What does it mean if your Mean Corpuscular Hemoglobin Concentration (MCHC) result is too high?

High MCHC (above 36 g/dL) is an uncommon finding and is often related to laboratory artifacts rather than a true biological abnormality. The most frequent causes of a genuinely elevated MCHC include hereditary spherocytosis (an inherited red blood cell disorder where cells assume a spherical shape), hemolysis from any cause, and severe dehydration. Very high values (above 38–40 g/dL) almost always trigger repeat testing and peripheral blood smear review, because hemoglobin concentration above this level is physiologically difficult to sustain. Cold agglutinins, lipemia, or elevated bilirubin in the blood sample can also falsely elevate MCHC on automated analyzers.

Related Health Conditions

What does it mean if your Mean Corpuscular Hemoglobin Concentration (MCHC) result is too low?
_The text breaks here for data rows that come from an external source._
Definition gain {R : realType} (H b0 xk x : R) : R := b0 / ((x - xk) ^+ 2 + H ^+ 2).
Definition h1 {R : realType} (D H b0 x : R) : R := gain H b0 (- (D / 2)) x.
Definition h2 {R : realType} (D H b0 x : R) : R := gain H b0 (D / 2) x.

Definition feasible_traj {R : realType} (V T : R) (x : R -> R) : Prop :=
  forall s t, s \in `[0, T] -> t \in `[0, T] -> `|x t - x s| <= V * `|t - s|.

Definition feasible_power {R : realType} (Pbar T : R) (p1 p2 : R -> R) : Prop :=
  measurable_fun `[0, T] p1 /\ measurable_fun `[0, T] p2 /\
  forall t, t \in `[0, T] -> 0 <= p1 t /\ 0 <= p2 t /\ p1 t + p2 t <= Pbar.

Definition tdma {R : realType} (Pbar T : R) (p1 p2 : R -> R) : Prop :=
  forall t, t \in `[0, T] ->
    (p1 t = Pbar /\ p2 t = 0) \/ (p1 t = 0 /\ p2 t = Pbar) \/ (p1 t = 0 /\ p2 t = 0).

Definition tspan {R : realType} (T : R) : set R := `[0, T].

Definition rate_region {R : realType} (D H b0 T : R) (x p1 p2 : R -> R) (r1 r2 : R)
  : Prop :=
  0 <= r1 /\ 0 <= r2 /\
  (r1%:E <= (T^-1)%:E *
     \int[@lebesgue_measure R]_(t in tspan T) (log2 (1 + p1 t * h1 D H b0 (x t)))%:E)%E /\
  (r2%:E <= (T^-1)%:E *
     \int[@lebesgue_measure R]_(t in tspan T) (log2 (1 + p2 t * h2 D H b0 (x t)))%:E)%E /\
  ((r1 + r2)%:E <= (T^-1)%:E *
     \int[@lebesgue_measure R]_(t in tspan T)
        (log2 (1 + p1 t * h1 D H b0 (x t) + p2 t * h2 D H b0 (x t)))%:E)%E.

Definition cap_region {R : realType} (D H b0 V T Pbar : R) (r1 r2 : R) : Prop :=
  exists (x p1 p2 : R -> R),
    feasible_traj V T x /\ feasible_power Pbar T p1 p2 /\
    rate_region D H b0 T x p1 p2 r1 r2.

Definition hat_region {R : realType} (H b0 Pbar : R) (r1 r2 : R) : Prop :=
  0 <= r1 /\ 0 <= r2 /\ r1 + r2 <= log2 (1 + Pbar * b0 / H ^+ 2).

(* hover-fly-hover trajectory with parameters xI, xF, tI, tF (T = tI + (xF-xI)/V + tF) *)
Definition hfh {R : realType} (V xI xF tI tF T : R) (t : R) : R :=
  if t <= tI then xI
  else if t < T - tF then xI + (t - tI) * V
  else xF.

From mathcomp Require Import all_boot all_order all_algebra.
From mathcomp Require Import all_classical all_reals all_analysis.
From mathcomp Require Import measurable_realfun ring lra.
Import Order.TTheory GRing.Theory Num.Theory.
Local Open Scope ring_scope.
Local Open Scope classical_set_scope.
Low MCHC (below 32 g/dL, or below 31.5 g/dL on some laboratory systems) means red blood cells contain a lower concentration of hemoglobin than expected — a finding called hypochromia. The most common cause is iron deficiency, which reduces the amount of hemoglobin available for red blood cell production. Thalassemia trait, chronic inflammation, blood loss, and pregnancy can also lower MCHC. Mildly low MCHC (31–32 g/dL) with otherwise normal CBC and no symptoms is frequently a benign finding requiring monitoring rather than treatment. More significantly low values (below 30 g/dL), particularly alongside low MCV, elevated RDW, and low ferritin, suggest established iron deficiency anemia requiring evaluation and management.